Where a line holds the word "prednK", copy that line from the data below.
START DATA UNDER STUDY
Lemma in_vec_unimodular k : (k < K)%N -> unimodular (in_vec k).
Proof.
case: k => [|k] k_lt; first exact: aI_unimodular.
have k_lt' : (k < K.-1)%N by rewrite ltn_predRL.
by rewrite /in_vec /= (natfunS k_lt'); exact: aI_unimodular.
Qed.

Lemma out_vec_unimodular k : unimodular (out_vec k).
Proof.
rewrite /out_vec; case: ifP => [k_lt | _]; last exact: aI_unimodular.
have k_lt' : (k < K.-1)%N by rewrite ltn_predRL.
by rewrite (natfunS k_lt'); exact: aI_unimodular.
Qed.

Lemma e2e_factor th w :
  h th w = route_gain * dot bs_response w * \prod_(j < K) irs_gain th j.
Proof.
rewrite /e2e (cascade_rank1 (gs := natfun (fun j => losgain beta lam (dS j)) 0)
  (xs := natfun (fun j => aIRS (s2az j) (s2el j)) 0) (ys := out_vec) _ _ erefl); last first.
  move=> k; case: (ltnP k K.-1) => [k_lt | k_ge]; last by rewrite !natfunN // scale0r.
  by rewrite /out_vec -ltn_predRL k_lt !(natfunS k_lt).
have last_hop : out_vec K.-1 = aIRS gaz gel by rewrite /out_vec prednK // ltnn.
rewrite -scalemxAl mxE -scalemxAr mxE -last_hop.
have -> : \prod_(j < K) irs_gain th j = \prod_(j < K.-1.+1) irs_gain th j by rewrite prednK.
rewrite big_ord_recr big_split /= /route_gain.
under eq_bigr => j _ do rewrite natfunE.
by rewrite /irs_gain /reflection_gain /dot; ring.
Qed.

Lemma normc_route_gain : normc route_gain = kappa.
Proof.
rewrite /route_gain 2!normcM normc_prod.
rewrite (normc_losgain _ beta_ge0 dK_gt0) (normc_losgain _ beta_ge0 d0_gt0).
under eq_bigr => j _ do rewrite (normc_losgain _ beta_ge0 (dS_gt0 j)).
rewrite big_split /= prodr_const card_ord prodfV.
have -> : Num.sqrt beta ^+ K.+1 = Num.sqrt beta ^+ K.-1.+2 by rewrite prednK.
have P_gt0 : 0 < \prod_(k < K.-1) dS k by apply: prodr_gt0.
by rewrite !exprS; field; rewrite !gt_eqF.
Qed.

Lemma normc_e2e th w :
  normc (h th w) = kappa * normc (dot bs_response w) * \prod_(j < K) normc (irs_gain th j).
Proof. by rewrite e2e_factor 2!normcM normc_route_gain normc_prod. Qed.

Lemma normc_irs_gain_le th j : (j < K)%N -> normc (irs_gain th j) <= (M1 * M2)%N%:R.
Proof.
move=> j_lt; apply: normc_dot_Phimx_le; first exact: out_vec_unimodular.
exact: in_vec_unimodular.
Qed.

Lemma normc_e2e_le th w :
  vnorm w = 1 -> normc (h th w) <= kappa * Num.sqrt N%:R * (M1 * M2)%N%:R ^+ K.
Proof.
move=> w1; rewrite normc_e2e.
have kappa_ge0 : 0 <= kappa.
  by rewrite divr_ge0 ?exprn_ge0 ?sqrtr_ge0 // ltW // !mulr_gt0 // prodr_gt0.
apply: ler_pM.
- by rewrite mulr_ge0 ?normc_ge0.
- by rewrite prodr_ge0 // => j _; exact: normc_ge0.
- apply: ler_wpM2l => //.
  by have := normc_dot_le (@aB_unimodular R N dA lam th0) w; rewrite w1 mulr1.
rewrite -prodr_const_ord.
by apply: ler_prod => j _; rewrite normc_ge0 normc_irs_gain_le.
Qed.

Local Notation theta :=
  (@theta_opt R M1 M2 K dI lam h2az h2el s1az s1el s2az s2el gaz gel).

Lemma theta_opt_aligned j m : (j < K)%N ->
  natfun theta (fun _ => 0) j m = carg (out_vec j m 0) - carg (in_vec j m 0).
Proof. by move=> j_lt; rewrite (natfunS j_lt) /theta_opt; case: j j_lt. Qed.

Lemma irs_gain_opt j : (j < K)%N -> irs_gain theta j = (M1 * M2)%N%:R.
Proof.
move=> j_lt; apply: dot_Phimx_aligned; first exact: out_vec_unimodular.
  exact: in_vec_unimodular.
by move=> m; exact: theta_opt_aligned.
Qed.

Hypothesis N_gt0 : (0 < N)%N.
Local Notation w_bs := (@w_opt R N K dA lam th0 d0 dK dS).

Lemma vnorm_w_opt : vnorm w_bs = 1.
Proof. by apply: vnorm_normalized; [exact: aB_unimodular | | exact: normc_expi]. Qed.

Lemma normc_e2e_opt :
  normc (h theta w_bs) = kappa * Num.sqrt N%:R * (M1 * M2)%N%:R ^+ K.
Proof.
rewrite normc_e2e normc_dot_normalized ?normc_expi //; last exact: aB_unimodular.
rewrite -[_ ^+ K]prodr_const_ord; congr (_ * _).
by apply: eq_bigr => j _; rewrite irs_gain_opt // normcMn normc1.
Qed.

End Route.

Local Close Scope complex_scope.
Unset Implicit Arguments.

Theorem mainTheorem1 (R : realType) (N M1 M2 K : nat) (dA dI lam beta : R)
    (th0 h2az h2el : R) (s1az s1el s2az s2el : 'I_K.-1 -> R) (gaz gel : R)
    (d0 dK : R) (dS : 'I_K.-1 -> R) :
  (1 <= N)%N -> (1 <= M1)%N -> (1 <= M2)%N -> (1 <= K)%N ->
  0 < dA -> 0 < dI -> 0 < lam -> 0 < beta < 1 ->
  0 < d0 -> 0 < dK -> (forall k, 0 < dS k) ->
  let M : R := (M1 * M2)%N%:R in
  let kappa : R := Num.sqrt beta ^+ K.+1 / (d0 * dK * \prod_(k < K.-1) dS k) in
  let V : R := M ^+ (2 * K) * N%:R * beta ^+ K.+1
               / (d0 ^+ 2 * dK ^+ 2 * \prod_(k < K.-1) dS k ^+ 2) in
  let h := @e2e R N M1 M2 K dA dI lam beta th0 h2az h2el s1az s1el s2az s2el gaz gel d0 dK dS in
  V = M ^+ (2 * K) * N%:R * kappa ^+ 2 /\
  (forall (th : 'I_K -> 'I_(M1 * M2) -> R) (w : 'cV[R[i]]_N),
      vnorm w = 1 -> sqnorm (h th w) <= V) /\
  vnorm (@w_opt R N K dA lam th0 d0 dK dS) = 1 /\
  sqnorm (h (@theta_opt R M1 M2 K dI lam h2az h2el s1az s1el s2az s2el gaz gel)
            (@w_opt R N K dA lam th0 d0 dK dS)) = V.
Proof.
move=> N_gt0 _ _ K_gt0 _ _ _ /andP[/ltW beta_ge0 _] d0_gt0 dK_gt0 dS_gt0 M kappa V h.
have V_kappa : V = M ^+ (2 * K) * N%:R * kappa ^+ 2.
  by rewrite /V /kappa expr_div_n exprAC sqr_sqrtr // !exprMn prodrXl !mulrA.
have sqr_gain (k m : R) : (k * Num.sqrt N%:R * m ^+ K) ^+ 2 = m ^+ (2 * K) * N%:R * k ^+ 2.
  by rewrite !exprMn sqr_sqrtr ?ler0n // -exprM mulnC; ring.
have V_opt : V = (kappa * Num.sqrt N%:R * M ^+ K) ^+ 2 by rewrite V_kappa sqr_gain.
split=> //; split.
  move=> th w w1; rewrite sqnorm_normc V_opt !expr2.
  by apply: ler_pM; rewrite ?normc_ge0 ?normc_e2e_le.
split; first exact: vnorm_w_opt.
by rewrite sqnorm_normc normc_e2e_opt ?V_opt.
Qed.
END DATA UNDER STUDY
> **THE ANSWER**
have last_hop : out_vec K.-1 = aIRS gaz gel by rewrite /out_vec prednK // ltnn.
have -> : \prod_(j < K) irs_gain th j = \prod_(j < K.-1.+1) irs_gain th j by rewrite prednK.
have -> : Num.sqrt beta ^+ K.+1 = Num.sqrt beta ^+ K.-1.+2 by rewrite prednK.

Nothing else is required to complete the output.